• **ASSIGNED TASK**
Each line that includes "cutoffMn" must be copied from the records.

--------------------

(* Let $A$ be a $\boldsymbol{\mathit{ba}\ell}$-algebra and $I$ an $\ell$-ideal of $A$. Then the archimedean hull of $I$ is $$[\![I]\!]=\{x\in A\mid (n|x|-1)^+\in I \text{ for all integers } n\ge 1\}.$$
   Context: A $\boldsymbol{\mathit{ba}\ell}$-algebra is a commutative unital lattice-ordered algebra $A$ over $\mathbb R$ that is bounded (for every $a\in A$ there is an integer $n\ge1$ with $a\le n\cdot1$) and archimedean (if $na\le b$ for all $n\ge1$ then $a\le0$); a real $r$ is identified with $r\cdot 1$. For $a\in A$: $a^+=a\vee0$, $a^-=(-a)\vee0$, $|a|=a\vee(-a)$. An $\ell$-ideal is a ring ideal $I$ such that $|a|\le|b|$ and $b\in I$ imply $a\in I$; it is archimedean if $A/I$ is archimedean. For $S\subseteq A$, the archimedean hull $[\![S]\!]$ is the intersection of all archimedean $\ell$-ideals of $A$ containing $S$. *)

From HB Require Import structures.
From mathcomp Require Import all_boot all_order all_algebra.
From mathcomp Require Import reals.
Set Implicit Arguments. Unset Strict Implicit. Unset Printing Implicit Defensive.
Import Order.TTheory GRing.Theory Num.Theory.
Local Open Scope ring_scope.

Section BalDefs.
Variables (R : realType) (A : comAlgType R).
Variables (le : A -> A -> Prop) (join : A -> A -> A).

Definition lpos (a : A) : A := join a 0.
Definition lneg (a : A) : A := join (- a) 0.
Definition labs (a : A) : A := join a (- a).

Record ba_ell_algebra : Prop := BaEll {
  le_refl : forall x, le x x;
  le_antisym : forall x y, le x y -> le y x -> x = y;
  le_trans : forall x y z, le x y -> le y z -> le x z;
  (* join is the least upper bound (lattice; meets then exist since
     x /\ y = - ((-x) \/ (-y)) in a lattice-ordered group) *)
  join_ub_l : forall x y, le x (join x y);
  join_ub_r : forall x y, le y (join x y);
  join_lub : forall x y z, le x z -> le y z -> le (join x y) z;
  le_add : forall x y z, le x y -> le (x + z) (y + z);
  le_mul : forall x y, le 0 x -> le 0 y -> le 0 (x * y);
  le_scale : forall (r : R) x, 0 <= r -> le 0 x -> le 0 (r *: x);
  bounded : forall a, exists n : nat, (1 <= n)%N /\ le a (n%:R);
  archimedean : forall a b, (forall n : nat, (1 <= n)%N -> le (a *+ n) b) ->
                le a 0
}.

Definition ring_ideal (I : A -> Prop) : Prop :=
  [/\ I 0, (forall x y, I x -> I y -> I (x + y)), (forall x, I x -> I (- x))
    & (forall a x, I x -> I (a * x))].

Definition ell_ideal (I : A -> Prop) : Prop :=
  ring_ideal I /\ (forall a b, le (labs a) (labs b) -> I b -> I a).

(* order of the quotient A/I: [x] <= [y] iff x <= y + i for some i in I
   (the positive cone of A/I is the image of that of A) *)
Definition quot_le (I : A -> Prop) (x y : A) : Prop :=
  exists i, I i /\ le x (y + i).

Definition arch_ideal (I : A -> Prop) : Prop :=
  forall x y, (forall n : nat, (1 <= n)%N -> quot_le I (x *+ n) y) ->
    quot_le I x 0.

Definition arch_hull (S : A -> Prop) (x : A) : Prop :=
  forall J : A -> Prop, ell_ideal J -> arch_ideal J ->
    (forall s, S s -> J s) -> J x.

End BalDefs.

From Pilot Require Import Defs.
From HB Require Import structures.
From mathcomp Require Import all_boot all_order all_algebra.
From mathcomp Require Import reals ring.
Set Implicit Arguments.
Unset Strict Implicit.
Unset Printing Implicit Defensive.
Import Order.TTheory GRing.Theory Num.Theory.
Local Open Scope ring_scope.

(* Write H(I) for the right-hand side ([cutoff_set join I] below).  The proof has
   two halves:
   - H(I) is contained in every archimedean l-ideal K containing I: in A/K
     we have n|x| <= 1 for every n, since n|x| - 1 <= (n|x| - 1)^+ \in K;
     archimedeanity of A/K gives |x| <= i for some i \in K, so x \in K.
   - H(I) is itself an archimedean l-ideal containing I, hence contains
     [[I]].  Closure under sums uses (n|x+y| - 1)^+ <= (2n|x| - 1)^+ +
     (2n|y| - 1)^+, closure under products uses |a x| <= m|x| for some m
     (boundedness of |a|), and archimedeanity uses boundedness of the
     right-hand side y of the hypothesis n x <= y + i_n. *)

Section BaEllAlgebra.
Variables (R : realType) (A : comAlgType R).
Variables (le : A -> A -> Prop) (join : A -> A -> A).
Hypothesis HA : ba_ell_algebra le join.

Local Notation "x ⊑ y" := (le x y) (at level 70, no associativity).
Local Notation "x ^+'" := (lpos join x) (at level 2, format "x ^+'").
Local Notation "`| x |'" := (labs join x) (format "`| x |'").

Lemma le_refl x : x ⊑ x.
Proof. exact: (Defs.le_refl HA). Qed.

Lemma le_trans x y z : x ⊑ y -> y ⊑ z -> x ⊑ z.
Proof. exact: (Defs.le_trans HA). Qed.

Lemma lerD x y u v : x ⊑ y -> u ⊑ v -> x + u ⊑ y + v.
Proof.
move=> le_xy le_uv; apply: (le_trans (y := y + u)).
  exact: (Defs.le_add HA).
by rewrite (addrC y u) (addrC y v); apply: (Defs.le_add HA).
Qed.

Lemma subr_ge0_of_le x y : x ⊑ y -> 0 ⊑ y - x.
Proof. by move=> h; rewrite -(subrr x); apply: (Defs.le_add HA). Qed.

Lemma le_of_subr_ge0 x y : 0 ⊑ y - x -> x ⊑ y.
Proof. by move=> h; have := Defs.le_add HA x h; rewrite add0r subrK. Qed.

Lemma lerN x y : x ⊑ y -> - y ⊑ - x.
Proof.
by move=> /subr_ge0_of_le h; apply: le_of_subr_ge0; rewrite opprK addrC.
Qed.

Lemma addr_ge0 x y : 0 ⊑ x -> 0 ⊑ y -> 0 ⊑ x + y.
Proof. by move=> hx hy; rewrite -(addr0 0); apply: lerD. Qed.

Lemma lerMn x y n : x ⊑ y -> x *+ n ⊑ y *+ n.
Proof.
move=> h; elim: n => [|n IH]; first by rewrite !mulr0n; apply: le_refl.
by rewrite !mulrS; apply: lerD.
Qed.

Lemma mulrn_ge0 x n : 0 ⊑ x -> 0 ⊑ x *+ n.
Proof. by move=> h; rewrite -(mul0rn _ n); apply: lerMn. Qed.

(* Positivity can be divided by a positive integer: scale by n^-1. *)
Lemma mulrn_ge0_cancel u n : (0 < n)%N -> 0 ⊑ u *+ n -> 0 ⊑ u.
Proof.
move=> n_gt0 h; have n_neq0 : (n%:R : R) != 0 by rewrite pnatr_eq0 -lt0n.
have -> : u = (n%:R : R)^-1 *: (u *+ n).
  by rewrite -scaler_nat scalerA mulVf ?scale1r.
by apply: (Defs.le_scale HA) => //; rewrite invr_ge0.
Qed.

Lemma lerMn_cancel z v n : (0 < n)%N -> z *+ n ⊑ v *+ n -> z ⊑ v.
Proof.
move=> n_gt0 /subr_ge0_of_le h; apply: le_of_subr_ge0.
by apply: (mulrn_ge0_cancel n_gt0); rewrite mulrnBl.
Qed.

(* If n z <= w with w >= 0 then z <= w, since w <= n w. *)
Lemma le_of_mulrn_le z w n : (0 < n)%N -> z *+ n ⊑ w -> 0 ⊑ w -> z ⊑ w.
Proof.
case: n => [//|n] _ h w_ge0; apply: le_of_subr_ge0.
apply: (mulrn_ge0_cancel (n := n.+1)) => //.
have -> : (w - z) *+ n.+1 = (w - z *+ n.+1) + w *+ n by ring.
by apply: addr_ge0; [exact: subr_ge0_of_le | apply: mulrn_ge0].
Qed.

(* The unit is positive: boundedness of -1 gives 0 <= (n+1) 1. *)
Lemma ler01 : 0 ⊑ 1.
Proof.
have [n [_ hn]] := Defs.bounded HA (-1).
apply: (mulrn_ge0_cancel (n := n.+1)) => //.
by move/subr_ge0_of_le: hn; rewrite opprK mulrSr.
Qed.

Lemma ler1Sn n : 1 ⊑ n.+1%:R.
Proof.
by apply: le_of_subr_ge0; rewrite mulrSr addrK; apply: mulrn_ge0 ler01.
Qed.

Lemma lpos_ge0 a : 0 ⊑ a^+'.
Proof. exact: (Defs.join_ub_r HA). Qed.

Lemma lpos_ge a : a ⊑ a^+'.
Proof. exact: (Defs.join_ub_l HA). Qed.

Lemma lpos_le a w : a ⊑ w -> 0 ⊑ w -> a^+' ⊑ w.
Proof. exact: (Defs.join_lub HA). Qed.

(* n z <= w with w >= 0 implies n z^+ <= w: apply [lpos_le] to w / n. *)
Lemma lpos_mulrn_le z w n : (0 < n)%N -> z *+ n ⊑ w -> 0 ⊑ w ->
  z^+' *+ n ⊑ w.
Proof.
move=> n_gt0 h w_ge0; set v := (n%:R : R)^-1 *: w.
have vnE : v *+ n = w.
  by rewrite /v -scaler_nat scalerA mulfV ?scale1r // pnatr_eq0 -lt0n.
rewrite -vnE; apply: lerMn; apply: lpos_le.
  by apply: (lerMn_cancel n_gt0); rewrite vnE.
by apply: (mulrn_ge0_cancel n_gt0); rewrite vnE.
Qed.

Lemma labs_ge a : a ⊑ `|a|'.
Proof. exact: (Defs.join_ub_l HA). Qed.

Lemma labs_geN a : - a ⊑ `|a|'.
Proof. exact: (Defs.join_ub_r HA). Qed.

Lemma labs_le a w : a ⊑ w -> - a ⊑ w -> `|a|' ⊑ w.
Proof. exact: (Defs.join_lub HA). Qed.

Lemma labs_ge0 x : 0 ⊑ `|x|'.
Proof.
apply: (mulrn_ge0_cancel (n := 2)) => //; rewrite mulr2n -(subrr x).
exact: lerD (labs_ge x) (labs_geN x).
Qed.

Lemma labs_le_ge0 a : 0 ⊑ a -> `|a|' ⊑ a.
Proof.
move=> a_ge0; apply: labs_le; first exact: le_refl.
by apply: (le_trans (y := 0) _ a_ge0); rewrite -oppr0; apply: lerN.
Qed.

Lemma labs_add x y : `|x + y|' ⊑ `|x|' + `|y|'.
Proof.
apply: labs_le; first exact: lerD (labs_ge x) (labs_ge y).
by rewrite opprD; apply: lerD; apply: labs_geN.
Qed.

(* Boundedness makes multiplication by a fixed a dominated by a multiple of
   |x|: with a = p - q, x = P - Q (p, q, P, Q >= 0) and p + q <= M we get
   |a x| <= (p + q)(P + Q) <= M (P + Q) <= 3M |x|. *)
Lemma labs_mul_bound a x : exists m : nat, `|a * x|' ⊑ `|x|' *+ m.
Proof.
set p := `|a|'; set q := `|a|' - a; set P := `|x|'; set Q := `|x|' - x.
have p_ge0 : 0 ⊑ p by apply: labs_ge0.
have q_ge0 : 0 ⊑ q by apply/subr_ge0_of_le/labs_ge.
have P_ge0 : 0 ⊑ P by apply: labs_ge0.
have Q_ge0 : 0 ⊑ Q by apply/subr_ge0_of_le/labs_ge.
have mul_ge0 := Defs.le_mul HA.
have [M [_ hM]] := Defs.bounded HA (p + q).
exists (3 * M)%N.
have axE : a * x = (p - q) * (P - Q) by rewrite /p /q /P /Q; ring.
apply: (le_trans (y := (p + q) * (P + Q))).
  rewrite axE; apply: labs_le; apply: le_of_subr_ge0.
    have -> : (p + q) * (P + Q) - (p - q) * (P - Q) = (p * Q + q * P) *+ 2
      by ring.
    by apply/mulrn_ge0/addr_ge0; apply: mul_ge0.
  have -> : (p + q) * (P + Q) - - ((p - q) * (P - Q)) = (p * P + q * Q) *+ 2
    by ring.
  by apply/mulrn_ge0/addr_ge0; apply: mul_ge0.
apply: (le_trans (y := M%:R * (P + Q))).
  apply: le_of_subr_ge0; rewrite -mulrBl; apply: mul_ge0; last exact: addr_ge0.
  by move/subr_ge0_of_le: hM.
rewrite mulr_natl mulrnA; apply: lerMn; apply: le_of_subr_ge0.
have -> : P *+ 3 - (P + Q) = P - (- x) by rewrite /P /Q; ring.
by apply/subr_ge0_of_le/labs_geN.
Qed.

Lemma ell_ideal_dominated K a b :
  ell_ideal le join K -> `|a|' ⊑ b -> K b -> K a.
Proof.
move=> [_ solid] le_ab Kb; apply: (solid a b) => //.
exact: le_trans le_ab (labs_ge b).
Qed.

Lemma ell_ideal_lpos K c b :
  ell_ideal le join K -> c ⊑ b -> 0 ⊑ b -> K b -> K c^+'.
Proof.
move=> HK le_cb b_ge0; apply: (ell_ideal_dominated HK).
exact: le_trans (labs_le_ge0 (lpos_ge0 c)) (lpos_le le_cb b_ge0).
Qed.

Section CutoffSet.
Variable I : A -> Prop.
Hypothesis HI : ell_ideal le join I.

Definition cutoff_set x : Prop :=
  forall n : nat, (1 <= n)%N -> I ((`|x|' *+ n - 1)^+').

Lemma ideal_add x y : I x -> I y -> I (x + y).
Proof. by case: HI => -[_ addI _ _] _; apply: addI. Qed.

Lemma ideal_mulrn x n : I x -> I (x *+ n).
Proof. by case: HI => -[_ _ _ mulI] _ Ix; rewrite -mulr_natl; apply: mulI. Qed.

Lemma ideal_labs x : I x -> I `|x|'.
Proof.
by case: HI => _ solid; apply: solid; apply: labs_le_ge0 (labs_ge0 x).
Qed.

(* For s in I, (n|s| - 1)^+ <= n|s| lies in I. *)
Lemma ideal_sub_cutoff s : I s -> cutoff_set s.
Proof.
move=> Is n _; apply: (ell_ideal_lpos HI _ _ (ideal_mulrn n (ideal_labs Is))).
  by apply: le_of_subr_ge0; rewrite opprB addrC subrK; apply: ler01.
exact/mulrn_ge0/labs_ge0.
Qed.

Lemma cutoff0 : cutoff_set 0.
Proof. by apply: ideal_sub_cutoff; case: HI => -[]. Qed.

Lemma cutoff_solid a b : `|a|' ⊑ `|b|' -> cutoff_set b -> cutoff_set a.
Proof.
move=> le_ab Jb n n_ge1; apply: (ell_ideal_lpos HI _ (lpos_ge0 _) (Jb n n_ge1)).
by apply: le_trans _ (lpos_ge _); apply/(Defs.le_add HA)/lerMn.
Qed.

Lemma cutoffN x : cutoff_set x -> cutoff_set (- x).
Proof.
apply: cutoff_solid; apply: labs_le; first exact: labs_geN.
by rewrite opprK; apply: labs_ge.
Qed.

(* (n|x+y| - 1)^+ <= (2n|x| - 1)^+ + (2n|y| - 1)^+, because twice
   n|x| + n|y| - 1 is the sum of 2n|x| - 1 and 2n|y| - 1. *)
Lemma cutoffD x y : cutoff_set x -> cutoff_set y -> cutoff_set (x + y).
Proof.
move=> Jx Jy n n_ge1; have n2_ge1 : (1 <= n * 2)%N by rewrite muln_gt0 n_ge1.
set a := `|x|' *+ n; set b := `|y|' *+ n.
set P := (a *+ 2 - 1)^+' + (b *+ 2 - 1)^+'.
have IP : I P by apply: ideal_add; rewrite -mulrnA; [apply: Jx | apply: Jy].
have P_ge0 : 0 ⊑ P by apply: addr_ge0; apply: lpos_ge0.
apply: (ell_ideal_lpos HI _ P_ge0 IP); apply: (le_trans (y := a + b - 1)).
  by apply: (Defs.le_add HA); rewrite -mulrnDl; apply/lerMn/labs_add.
apply: (le_of_mulrn_le (n := 2)) => //.
have -> : (a + b - 1) *+ 2 = (a *+ 2 - 1) + (b *+ 2 - 1) by ring.
by apply: lerD; apply: lpos_ge.
Qed.

Lemma cutoffMn x m : cutoff_set x -> cutoff_set (x *+ m).
Proof.
move=> Jx; elim: m => [|m IH]; first by rewrite mulr0n; apply: cutoff0.
by rewrite mulrS; apply: cutoffD.
Qed.

Lemma cutoffM a x : cutoff_set x -> cutoff_set (a * x).
Proof.
move=> Jx; have [m le_axm] := labs_mul_bound a x.
apply: (cutoff_solid (b := `|x|' *+ m)).
  exact: le_trans le_axm (labs_ge _).
by apply: cutoffMn; apply: cutoff_solid Jx; apply: labs_le_ge0 (labs_ge0 x).
Qed.

Lemma cutoff_ell_ideal : ell_ideal le join cutoff_set.
Proof.
split; last exact: cutoff_solid.
by split; [exact: cutoff0 | exact: cutoffD | exact: cutoffN | exact: cutoffM].
Qed.

(* If n x <= y + i_n with i_n in H(I) for every n, then x^+ lies in H(I),
   witnessing x <= 0 + x^+ in A/H(I).  Indeed, with y <= m and n = 2km,
   n x^+ <= m + |i_n|, whence 2m (k x^+ - 1) <= |i_n| - m <= (|i_n| - 1)^+,
   which is in I because i_n lies in H(I). *)
Lemma cutoff_arch_ideal : arch_ideal le cutoff_set.
Proof.
move=> x y hyp; have [[|M] [//= _ le_yM]] := Defs.bounded HA y.
set m := M.+1; exists x^+'; split; last by rewrite add0r; apply: lpos_ge.
move=> k k_ge1; set n := (k * (m * 2))%N.
have n_ge1 : (1 <= n)%N by rewrite /n !muln_gt0 k_ge1.
have [i [Ji le_xi]] := hyp n n_ge1.
set W := m%:R + `|i|'.
have W_ge0 : 0 ⊑ W.
  by apply: addr_ge0; [apply: mulrn_ge0 ler01 | apply: labs_ge0].
have le_posW : x^+' *+ n ⊑ W.
  apply: lpos_mulrn_le => //; apply: le_trans le_xi _.
  exact: lerD le_yM (labs_ge i).
apply: (ell_ideal_lpos HI _ (lpos_ge0 _) (Ji 1%N isT)).
apply: (le_trans (y := x^+' *+ k - 1)).
  by apply/(Defs.le_add HA)/lerMn/labs_le_ge0/lpos_ge0.
apply: (le_of_mulrn_le (n := m * 2)); [by [] | | exact: lpos_ge0].
rewrite mulrnBl -mulrnA; apply: (le_trans (y := W - 1 *+ (m * 2))).
  exact: (Defs.le_add HA).
have -> : W - 1 *+ (m * 2) = `|i|' - m%:R by rewrite /W; ring.
apply: (le_trans (y := `|i|' *+ 1 - 1)); last exact: lpos_ge.
by rewrite mulr1n; apply: lerD; [apply: le_refl | apply/lerN/ler1Sn].
Qed.

(* H(I) is below every archimedean l-ideal K containing I: in A/K one has
   n|x| <= 1 for all n, so |x| <= i for some i in K. *)
Lemma cutoff_sub_arch_ideal K x :
  ell_ideal le join K -> arch_ideal le K -> (forall s, I s -> K s) ->
  cutoff_set x -> K x.
Proof.
move=> HK archK IK Jx.
have [|i [Ki le_xi]] := archK `|x|' 1.
  move=> n n_ge1; exists ((`|x|' *+ n - 1)^+'); split; first exact/IK/Jx.
  by have := Defs.le_add HA 1 (lpos_ge (`|x|' *+ n - 1)); rewrite subrK addrC.
by apply: (ell_ideal_dominated HK _ Ki); rewrite -[i]add0r.
Qed.

End CutoffSet.
End BaEllAlgebra.

Theorem mainTheorem4 (R : realType) (A : comAlgType R)
  (le : A -> A -> Prop) (join : A -> A -> A)
  (HA : ba_ell_algebra le join) (I : A -> Prop) (HI : ell_ideal le join I) :
  forall x : A,
    arch_hull le join I x <->
    (forall n : nat, (1 <= n)%N -> I (lpos join (labs join x *+ n - 1))).
Proof.
move=> x; split.
-
  move=> hull_x; apply: (hull_x (cutoff_set join I)).
  + exact: (cutoff_ell_ideal HA HI).
  + exact: (cutoff_arch_ideal HA HI).
  + exact: (ideal_sub_cutoff HA HI).
-
  move=> Jx K HK archK IK.
  exact: (cutoff_sub_arch_ideal HA HK archK IK Jx).
Qed.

--------------------

• **OUTPUT OF THE EXERCISE**
Lemma cutoffMn x m : cutoff_set x -> cutoff_set (x *+ m).
by apply: cutoffMn; apply: cutoff_solid Jx; apply: labs_le_ge0 (labs_ge0 x).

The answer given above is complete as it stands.